Something To Watch For In The Next Few Days…

…is the fate of Sen. Eric Lafleur (D-Ville Platte) as the Vice-Chairman of the Senate Education Committee.

Lafleur was the sole “No” vote in Senate Education yesterday on Gov. Jindal’s school choice and teacher tenure bills. The last time a Democrat with a leadership position voted against a part of the Governor’s education reform package, Rep. Harold Ritchie found himself bounced out of his vice-chairmanship of the House Insurance Committee – which has created no small stink among many in the state’s legacy media and their friends on the Democrat side.

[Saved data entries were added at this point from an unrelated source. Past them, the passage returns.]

(* For all integers $k,f,n$ with $1\le k\le f-1$ and $f\le n-1$, $\mathrm{Cons}(n,f)$ is not ${}^cC$-reducible to $k\text{-TAg}(n,f)$ (in particular, it is not $C$-reducible to $k\text{-TAg}(n,f)$).
   Context: Model: a finite set of processes runs an asynchronous algorithm communicating by reliable message passing with unbounded delays and speeds; processes fail only by crashing. Time is $\mathcal T=\mathbb N$; a failure pattern $F$ for $\Pi$ is a nondecreasing map $\mathcal T\to2^\Pi$, $Faulty(F)=\bigcup_tF(t)$. A binary agreement problem $P$ for $\Pi$ maps each $(F,\vec V)$, $\vec V\in\{0,1\}^\Pi$, to a nonempty $P(F,\vec V)\subseteq\{0,1\}$; a task is $T=(P,f)$. An algorithm solves $T$ if in every run with $|Faulty(F)|\le f$ and initial values $\vec V$: every correct process eventually decides, decisions are irrevocable, no two processes decide differently, and decisions lie in $P(F,\vec V)$. $k\text{-TAg}_\Pi(F,\vec V)=\{0\}$ if at least $k$ entries of $\vec V$ are $0$; $=\{1\}$ if $\vec V$ is all-ones and $|Faulty(F)|\le k-1$; $=\{0,1\}$ otherwise; $k\text{-TAg}(\Pi,f)=(k\text{-TAg}_\Pi,f)$; $k\text{-TAg}(n,f)$ and $\mathrm{Cons}(n,f)=n\text{-TAg}(n,f)$ are the versions for $\Pi=\{1,\dots,n\}$. Oracles: for $T=(P,f)$ on $\Pi$, an $f$-resilient oracle suitable for $P$ is a black box with consultants $\Pi$ whose history is a sequence of successive consultations, in each of which every consultant may submit at most one query in $\{0,1\}$ and the oracle returns a common response $d$ with $d\in P(F,\vec V)$ for every $\vec V$ extending the partial query vector (the oracle may use the whole failure pattern, including future crashes), and every correct querier gets the response whenever at least $|\Pi|-f$ consultants query; $\mathcal O.T$ is the most general such oracle. It is consistent if, in every history, for any two consultations with query vectors $\vec W_1\supseteq\vec W_2$, answering $d$ on $\vec W_2$ implies answering $d$ on $\vec W_1$; ${}^c\mathcal O.T$ is the most general consistent one. $T_1\le_C T_2$ (resp. $T_1\le_{{}^cC}T_2$) means there is an algorithm solving $T_1$ whose processes may additionally consult the oracle $\mathcal O.T_2$ (resp. ${}^c\mathcal O.T_2$); $C$-reducibility implies ${}^cC$-reducibility. *)

From mathcomp Require Import all_boot.
From mathcomp Require Import boolp.

Set Implicit Arguments.
Unset Strict Implicit.
Unset Printing Implicit Defensive.

Definition fpattern (n : nat) := nat -> {set 'I_n}.

Definition fp_nondecreasing (n : nat) (F : fpattern n) : Prop :=
  forall t t' : nat, t <= t' -> F t \subset F t'.

Definition Faulty (n : nat) (F : fpattern n) : {set 'I_n} :=
  [set p | `[< exists t, p \in F t >]].

Definition ivec (n : nat) := 'I_n -> bool.   (* 0 = false, 1 = true *)

(* P(F,V) as a (boolean) subset of {0,1}; nonemptiness is not needed below *)
Definition agreement_problem (n : nat) := fpattern n -> ivec n -> pred bool.

Record task (n : nat) := Task { tprob : agreement_problem n; tres : nat }.

Definition kTAg_prob (n k : nat) : agreement_problem n := fun F V d =>
  if k <= #|[set p | ~~ V p]| then d == false
  else if [forall p, V p] && (#|Faulty F| <= k - 1) then d == true
  else true.

Definition kTAg (n k f : nat) : task n := @Task n (@kTAg_prob n k) f.
Definition ConsT (n f : nat) : task n := @kTAg n n f.

(* The event a process receives in a step: nothing, a message from a
   sender, or the oracle's response d to consultation c. *)
Inductive event (n : nat) (M : Type) :=
| EvNone
| EvMsg of 'I_n & M
| EvResp of nat & bool.
Arguments EvNone {n M}.
Arguments EvMsg {n M}.
Arguments EvResp {n M}.

(* A step: from the local state and the received event, compute the new
   state, the messages sent (destination, content) and possibly a query
   (consultation index c, query value b).  [decision s] is the decision
   recorded in local state s (None = undecided). *)
Record algorithm (n : nat) := Algorithm {
  St : Type;
  Msg : Type;
  init : 'I_n -> bool -> St;
  step : 'I_n -> St -> event n Msg ->
         St * seq ('I_n * Msg) * option (nat * bool);
  decision : St -> option bool }.
Arguments step {n} a _ _ _.
Arguments decision {n} a _.
Arguments init {n} a _ _.

(* A run is determined by the adversary's choices: the schedule, the events
   delivered, the origin (send time, index in the sent list) of each
   delivered message, and the oracle's (common) response per consultation. *)
Record run (n : nat) (A : algorithm n) := Run {
  sched : nat -> option 'I_n;
  evt : nat -> event n (Msg A);
  src : nat -> nat * nat;
  resp : nat -> option bool }.

Definition lookup (T : Type) (s : seq T) (i : nat) : option T :=
  nth None (map Some s) i.

Section Runs.
Variables (n : nat) (A : algorithm n) (V : ivec n) (R : run A).

(* conf t p = local state of p at time t (before the step of time t) *)
Fixpoint conf (t : nat) : 'I_n -> St A :=
  match t with
  | 0 => fun p => init A p (V p)
  | t'.+1 => fun p =>
      if sched R t' == Some p
      then (step A p (conf t' p) (evt R t')).1.1
      else conf t' p
  end.

Definition sent (t : nat) : seq ('I_n * Msg A) :=
  if sched R t is Some p then (step A p (conf t p) (evt R t)).1.2 else [::].

Definition qry (t : nat) : option (nat * bool) :=
  if sched R t is Some p then (step A p (conf t p) (evt R t)).2 else None.

(* query vector of consultation c: p's query in c is b
   (only the first query of p in consultation c counts) *)
Definition Wq (c : nat) (p : 'I_n) (b : bool) : Prop :=
  exists t, [/\ sched R t = Some p, qry t = Some (c, b) &
    forall t' b', t' < t -> sched R t' = Some p -> qry t' <> Some (c, b')].

Definition queried_before (p : 'I_n) (c t : nat) : Prop :=
  exists t' b, [/\ t' < t, sched R t' = Some p & qry t' = Some (c, b)].

Definition admissible (T2 : task n) (consistent : bool) (F : fpattern n)
  : Prop :=
  (forall t p, sched R t = Some p -> p \notin F t) /\
  (forall p, p \notin Faulty F -> forall t, exists t', t <= t' /\ sched R t' = Some p) /\
  (forall t p q m, sched R t = Some p -> evt R t = EvMsg q m ->
     (src R t).1 < t /\ sched R (src R t).1 = Some q /\
     lookup (sent (src R t).1) (src R t).2 = Some (p, m)) /\
  (forall t1 t2 p1 p2 q1 q2 m1 m2, t1 <> t2 ->
     sched R t1 = Some p1 -> evt R t1 = EvMsg q1 m1 ->
     sched R t2 = Some p2 -> evt R t2 = EvMsg q2 m2 -> src R t1 <> src R t2) /\
  (forall t' i q p m, sched R t' = Some q -> lookup (sent t') i = Some (p, m) ->
     p \notin Faulty F ->
     exists t, [/\ sched R t = Some p, evt R t = EvMsg q m & src R t = (t', i)]) /\
  (forall t p c d, sched R t = Some p -> evt R t = EvResp c d ->
     [/\ resp R c = Some d, queried_before p c t &
       forall t' d', t' < t -> sched R t' = Some p -> evt R t' <> EvResp c d']) /\
  (forall c d, resp R c = Some d ->
     forall V' : ivec n, (forall p b, Wq c p b -> V' p = b) -> tprob T2 F V' d) /\
  (forall c (S : {set 'I_n}), n - tres T2 <= #|S| ->
     (forall p, p \in S -> exists b, Wq c p b) ->
     exists d, resp R c = Some d /\
       forall p, p \notin Faulty F -> (exists b, Wq c p b) ->
         exists t, sched R t = Some p /\ evt R t = EvResp c d) /\
  (consistent ->
     forall c1 c2 d, (forall p b, Wq c2 p b -> Wq c1 p b) ->
       resp R c2 = Some d -> resp R c1 = Some d).

End Runs.

Definition solves (n : nat) (A : algorithm n) (T1 T2 : task n)
  (consistent : bool) : Prop :=
  forall (F : fpattern n), fp_nondecreasing F -> #|Faulty F| <= tres T1 ->
  forall (V : ivec n) (R : run A), admissible V R T2 consistent F ->
    (forall p, p \notin Faulty F -> exists t d, decision A (conf V R t p) = Some d) /\
    (forall p t t' d, t <= t' -> decision A (conf V R t p) = Some d ->
       decision A (conf V R t' p) = Some d) /\
    (forall p q t t' d1 d2, decision A (conf V R t p) = Some d1 ->
       decision A (conf V R t' q) = Some d2 -> d1 = d2) /\
    (forall p t d, decision A (conf V R t p) = Some d -> tprob T1 F V d).

Definition C_reducible (n : nat) (T1 T2 : task n) : Prop :=
  exists A : algorithm n, solves A T1 T2 false.
Definition cC_reducible (n : nat) (T1 T2 : task n) : Prop :=
  exists A : algorithm n, solves A T1 T2 true.
Arguments ConsT : clear implicits.
Arguments kTAg : clear implicits.
Arguments C_reducible {n} T1 T2.
Arguments cC_reducible {n} T1 T2.
(* Let $d\ge1$ and $n>1$ be integers with prime factorization $n=p_1^{\alpha_1}\cdots p_s^{\alpha_s}$, and put $t=\prod_{i=1}^s p_i^{\alpha_i+\lfloor\log_{p_i} d\rfloor}$. Then for every (closed) simplex $\Delta\subset\mathbb{R}^d$ of any dimension whose vertices lie in $\mathbb{Z}^d$, the number of points of $\mathbb{Z}^d$ in $t\Delta$ is congruent to $1$ modulo $n$.
   Context: For a set $X\subseteq\mathbb{R}^d$ and $t>0$, $tX=\{tx : x\in X\}$ denotes the image of $X$ under the homothety with center at the origin and ratio $t$. $\lfloor x\rfloor$ denotes the integer part of $x$. *)

From HB Require Import structures.
From mathcomp Require Import all_boot all_order all_algebra.
Set Implicit Arguments. Unset Strict Implicit. Unset Printing Implicit Defensive.
Import Order.TTheory GRing.Theory Num.Theory.

Definition tfactor (n d : nat) : nat :=
  \prod_(p <- primes n) p ^ (logn p n + trunc_log p d).

Local Open Scope ring_scope.

(* Vertices of the simplex = rows of V (k+1 integer points of Z^d), viewed in R^d. *)
Definition vertR (R : realFieldType) (d k : nat) (V : 'M[int]_(k.+1, d)) : 'M[R]_(k.+1, d) :=
  map_mx (fun z : int => z%:~R) V.

(* affinely independent vertices: the homogenised vectors (v_i, 1) are linearly independent *)
Definition affinely_independent (R : realFieldType) (d k : nat) (V : 'M[int]_(k.+1, d)) : bool :=
  row_free (row_mx (vertR R V) (const_mx 1 : 'cV[R]_(k.+1))).

Definition in_dilated_simplex (R : realFieldType) (d k : nat) (t : nat)
    (V : 'M[int]_(k.+1, d)) (x : 'rV[int]_d) : Prop :=
  exists lam : 'I_k.+1 -> R,
    (forall i, 0 <= lam i) /\ \sum_i lam i = 1 /\
    map_mx (fun z : int => z%:~R) x = t%:R *: \sum_i (lam i *: row i (vertR R V)).
(* Let $\mathcal{F}_2=\mathcal{F}_2(L^*,\{d_j^*\}_{j=0}^{L^*+1},s^*,V_{max},\hat{\mathbf G},\kappa)$ be a function class whose sparse ReLU networks have $L^*=O(\log^{\xi^*}n)$ layers, first-layer width $d_1^*\le n^{\alpha^*}$, output dimension $d^*_{L^*+1}=1$, other widths satisfying $m_0+m\le\min_{j\in\{1,\dots,L^*\}}d_j^*\le\max_{j\in\{1,\dots,L^*\}}d_j^*=O(n^{\xi^*})$, and sparsity $s^*\asymp d_1^*\kappa+n^{\alpha^*}\log^{\xi^*}n$, where $0<\alpha^*<1$ and $\xi^*>1$ are constants. Let $N_{\delta,2}$ denote the cardinality of a minimal $\delta$-covering set of $\mathcal{F}_2$ with respect to the $\ell_\infty$ (sup) norm. Then, for $\delta=\frac1n$, $$\log N_{\frac1n,2}\le C_1|\mathcal{A}|\big(n^{\alpha^*}(\log n)^{\xi^*}+d_1^*\kappa\big)(\log n)^{1+\xi^*}$$ for some constant $C_1$.
   Context: States are $(x,z)$ with $x\in\mathbb{R}^{m_0}$, $z\in\mathbb{R}^m$; $\mathcal{A}$ is a finite action set; $\kappa\le m$; $n$ is the sample size. $\hat{\mathbf G}=\hat U\hat\Sigma\hat U^T=\sum_{k=1}^m\hat\lambda_k\hat U_k\hat U_k^T$ is an estimated covariance matrix of $z$, and $\hat v_\kappa=\begin{pmatrix}I_\kappa&0_{\kappa\times(m-\kappa)}\end{pmatrix}\hat\Sigma^{-1/2}\hat U^Tz$ are the first $\kappa$ principal component scores. $\mathcal{F}_{SReLU}(L,\{d_j\}_{j=0}^{L+1},s,V_{max})$ is the set of $f(x)=W_Lg_{L-1}\circ\cdots\circ g_0(x)$, $g_j(x)=\max(W_jx+v_j,0)$, $W_j\in\mathbb{R}^{d_{j+1}\times d_j}$, all entries of all $W_j,v_j$ in $[-1,1]$, at most $s$ nonzero parameters in total, and $\|f\|_\infty\le V_{max}$. $\mathcal{F}_2(L,\{d_j\},s,V_{max},\hat{\mathbf G},\kappa)$ is the set of functions $(x,z,a)\mapsto f_0(x,\hat v_\kappa,a)$ where, for each $a\in\mathcal{A}$, $f_0(\cdot,a)\in\mathcal{F}_{SReLU}(L,\{d_j\},s,V_{max})$ with input dimension $m_0+\kappa$.
   Formalization: The sup norm defining $N_{\frac1n,2}$ runs only over states (x,z) in a fixed set where all |xᵢ| and all coordinates of $\hat v_\kappa$ are at most a constant B, and covering functions need not lie in $\mathcal{F}_2$. Apart from conventions, each condition added here is assumed in the paper as well or is needed for the statement above to hold. *)

From HB Require Import structures.
From mathcomp Require Import all_boot all_order all_algebra.
From mathcomp Require Import all_classical all_reals all_analysis.
Set Implicit Arguments. Unset Strict Implicit. Unset Printing Implicit Defensive.
Import Order.TTheory GRing.Theory Num.Theory.
Local Open Scope ring_scope.

Section Defs.
Variable R : realType.

(** Vectors of the (varying) layer widths are encoded
    as [nat -> R], only the first [d j] coordinates being meaningful.
    [W j i k] is entry (i,k) of the weight matrix W_j in R^{d_{j+1} x d_j},
    [v j i] is entry i of the shift vector v_j in R^{d_{j+1}}. *)

Fixpoint hid (d : nat -> nat) (W : nat -> nat -> nat -> R) (v : nat -> nat -> R)
  (j : nat) (y : nat -> R) : nat -> R :=
  match j with
  | 0 => y
  | j'.+1 => fun i => Num.max (\sum_(k < d j') W j' i k * hid d W v j' y k + v j' i) 0
  end.

(* f(y) = W_L g_{L-1} o ... o g_0 (y), with output dimension d_{L+1} = 1 *)
Definition net_eval (L : nat) (d : nat -> nat) (W : nat -> nat -> nat -> R)
  (v : nat -> nat -> R) (y : nat -> R) : R :=
  \sum_(k < d L) W L 0%N k * hid d W v L y k.

Definition nparams (L : nat) (d : nat -> nat) (W : nat -> nat -> nat -> R)
  (v : nat -> nat -> R) : nat :=
  (\sum_(j < L.+1) \sum_(i < d j.+1) \sum_(k < d j) nat_of_bool (W j i k != 0%R)
   + \sum_(j < L) \sum_(i < d j.+1) nat_of_bool (v j i != 0%R))%N.

(* F_SReLU(L, {d_j}, s, Vmax) : functions of the input y in R^{d_0}
   (encoded as nat -> R; net_eval only reads coordinates < d 0). *)
Definition F_SReLU (L : nat) (d : nat -> nat) (s : nat) (Vmax : R)
  : set ((nat -> R) -> R) :=
  [set f | exists (W : nat -> nat -> nat -> R) (v : nat -> nat -> R),
     (forall j i k, `|W j i k| <= 1) /\ (forall j i, `|v j i| <= 1) /\
     (nparams L d W v <= s)%N /\
     (forall y, f y = net_eval L d W v y) /\
     (forall y, `|f y| <= Vmax)].

Definition rv2seq (n : nat) (r : 'rV[R]_n) : nat -> R :=
  fun i => match (insub i : option 'I_n) with Some k => r 0 k | None => 0 end.

(* first kappa principal component scores
   v_kappa = (I_kappa 0) Sigma^{-1/2} U^T z, with Sigma = diag(lam) *)
Definition vhat (m kappa : nat) (hk : (kappa <= m)%N) (U : 'M[R]_m)
  (lam : 'I_m -> R) (z : 'rV[R]_m) : 'rV[R]_kappa :=
  \row_(k < kappa) ((Num.sqrt (lam (widen_ord hk k)))^-1 *
                    (z *m U) 0 (widen_ord hk k)).

Definition F2 (m0 m kappa : nat) (hk : (kappa <= m)%N) (A : finType)
  (L : nat) (d : nat -> nat) (s : nat) (Vmax : R) (U : 'M[R]_m) (lam : 'I_m -> R)
  : set ('rV[R]_m0 * 'rV[R]_m * A -> R) :=
  [set f | exists f0 : A -> (nat -> R) -> R,
     (forall a, F_SReLU L d s Vmax (f0 a)) /\
     (forall x z a, f (x, z, a) = f0 a (rv2seq (row_mx x (vhat hk U lam z))))].

Definition has_cover (X : Type) (D : set X) (F : set (X -> R)) (delta : R) (k : nat) :=
  exists g : 'I_k -> X -> R,
    forall f, F f -> exists i, forall p, D p -> `|f p - g i p| <= delta.
(* Consider $v$ CRs whose per-segment sub-Nyquist sample numbers $M_1,\dots,M_v$ are distinct consecutive primes with $M_iM_j>N$ for all $i\ne j$, and suppose the Nyquist spectrum is $s$-sparse (at most $s$ occupied bins, forming the support $\Omega\subseteq\{0,\dots,N-1\}$). Fix a bin $k$ and threshold $\lambda_k>0$, and use the decision rule: declare $\mathcal H_{1,k}$ iff $\widehat{E_s}[k]>\lambda_k$. Assume the following model for the test statistic: under $\mathcal H_{0,k}$ (bin $k$ unoccupied), $\widehat{E_s}[k]\sim\chi^2_{2Jv}\big(\tfrac{2}{N}\sum_{i\in\Upsilon_k}M_i\gamma_i[k]\big)$, and under $\mathcal H_{1,k}$ (bin $k$ occupied), $\widehat{E_s}[k]\sim\chi^2_{2Jv}(\mu)$ for some $\mu\ge \tfrac{2}{N}\sum_{i=1}^{v}M_i\gamma_i[k]$. Then $|\Upsilon_k|\le s$, and for any set $\Upsilon\supseteq \Upsilon_k$ of $s$ CRs, the probability of false alarm $P_{f,k}=\Pr(\widehat{E_s}[k]>\lambda_k\mid\mathcal H_{0,k})$ and probability of detection $P_{d,k}=\Pr(\widehat{E_s}[k]>\lambda_k\mid\mathcal H_{1,k})$ satisfy $$\frac{\Gamma(Jv,\lambda_k/2)}{\Gamma(Jv)}\le P_{f,k}\le Q_{Jv}\Big(\sqrt{\tfrac{2}{N}\textstyle\sum_{i\in\Upsilon}M_i\gamma_i[k]},\sqrt{\lambda_k}\Big),\qquad P_{d,k}\ge Q_{Jv}\Big(\sqrt{\tfrac{2}{N}\textstyle\sum_{i=1}^{v}M_i\gamma_i[k]},\sqrt{\lambda_k}\Big).$$
   Context: Multi-rate sub-Nyquist spectrum sensing: $v$ CRs observe a signal over time $T$; Nyquist sampling would give $JN$ samples split into $J$ segments of $N$ samples. CR $i$ samples at a sub-Nyquist rate giving $JM_i$ samples, split into $J$ segments of $M_i$ samples; $Y_{i,j}[m]$ ($m=0,\dots,M_i-1$) is the DFT of segment $j$ at CR $i$, $E_{s,i}[m]=\sum_{j=1}^J|Y_{i,j}[m]|^2$, and the fusion-center test statistic is $\widehat{E_s}[k]=\sum_{i=1}^v \frac{N}{M_i}E_{s,i}[k \bmod M_i]$, $k=0,\dots,N-1$. $\gamma_i[k]\ge0$ denotes the SNR at CR $i$ associated with bin $k$ (for an unoccupied bin, the SNR of the occupied component aliased onto it). $\Upsilon_k$ is the set of CRs $i$ for which $k$ is an aliased frequency, i.e. $k\notin\Omega$ and $k\equiv k'\pmod{M_i}$ for some $k'\in\Omega$. $\chi^2_{d}(\mu)$ is the noncentral chi-square distribution with $d$ degrees of freedom and noncentrality parameter $\mu$ ($\chi^2_d(0)$ central). $\Gamma(a)$ is the gamma function, $\Gamma(a,x)$ the upper incomplete gamma function, and $Q_u(a,x)=\frac{1}{a^{u-1}}\int_x^\infty t^u e^{-(a^2+t^2)/2}I_{u-1}(at)\,dt$ the generalized Marcum Q-function, $I_\nu$ the modified Bessel function of the first kind. *)

From Stdlib Require Import Reals Lra Lia Arith List ZArith Znumtheory.
From Stdlib Require Import Classical ClassicalEpsilon.
Import ListNotations.
Open Scope R_scope.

And with Senate President John Alario’s history and reputation as a leg-breaker par excellence when it comes to moving legislation – that being one of the reasons Jindal braved the disapproval of many of his supporters in supporting Alario for the job – it’s not a bad bet that Lafleur’s vice-chairmanship at Senate Education will be in the crosshairs.

For that matter, floor votes are scheduled early next week for Jindal’s education bills.

Rep. Kirk Talbot’s HB 969, which would offer tax rebates to individuals and businesses who fund private-school scholarships for needy students and was the subject of Ritchie’s consequential “no” vote last week, comes up for a vote on the House Floor on Monday. On Tuesday or Wednesday, HB 974 (teacher tenure reform) and HB 976 (school choice) by Rep. Steve Carter are likely to hit the floor.

Those votes could be telling for a number of leadership positions currently held by Democrats who will no doubt be cognizant of Ritchie’s fate. Among them…

  • Rep. Karen St. Germain (D-Plaquemine), chair of the Transportation, Highways, and Public Works Committee;
  • Rep. Andy Anders (D-Vidalia), chair of the Agriculture, Forestry, Aquaculture, and Rural Development Committee;
  • Rep. Jeff Arnold (D-New Orleans), chair of the Judiciary Committee;
  • Rep. Mike Danahay (D-Sulphur), vice-chair of the House and Governmental Affairs Committee;
  • Rep. Herbert Dixon (D-Alexandria), chair of the Labor and Industrial Relations Committee;
  • Rep. Jim Fannin (D-Jonesboro) chair of the House Appropriations Committee;
  • Rep. Helena Moreno (D-New Orleans), vice-chair of the Criminal Justice Committee;
  • Rep. Neil Abramson (D-New Orleans), chair of the Civil Law and Procedure Committee;
  • Rep. Girod Jackson (D-New Orleans), chair of the Municipal Committee;
  • Rep. Robert Billiot (D-Westwego), vice-chair of the Municipal Committee;
  • Rep. Austin Badon (D-New Orleans), vice-chair of the Transportation, Highways, and Public Works Committee; and
  • Rep. Patrick Williams (D-Shreveport), vice-chair of the Ways and Means Committee.

Will all of them vote for the three bills? Probably not. But it’s instructive that on last Tuesday’s vote in Ways and Means, the three other Democrats who voted against HB 969 – Regina Barrow, Wesley Bishop and Robert Johnson – had nothing to lose. Williams and Danahay were in that committee and both voted yes.

And in House Education’s mammoth session Wednesday, there were five constant votes against HB 974 and HB 976 – Wesley Bishop, D-New Orleans; John Bel Edwards, D-Amite; Ed Price, D-Gonzales; Patricia Smith, D-Baton Rouge; and Alfred Williams, D-Baton Rouge. None of them hold any leadership positions. Patrick Jefferson, the freshman Democrat from Homer who serves as the vice-chairman of House Education, was for both bills and is assuredly voting yes on the floor.

In other words, we have a pretty good body of votes to date in the House, and Ritchie is the only example of a Democrat in the leadership to buck the governor. And Ritchie lost his leadership position. We have eight Democrats not in leadership positions who have voted against bills in the package, while two Democrats – Mickey Guillory of Eunice and Major Thibaut of New Roads – voted for HB 969 without being in leadership positions. And so far we have three – Jefferson, Danahay and Patrick Williams – in leadership who have been “yes” votes.

We’ll see what happens to Lafleur, and we’ll see what the effect on Democrat voting patterns is when the bills go to the House floor.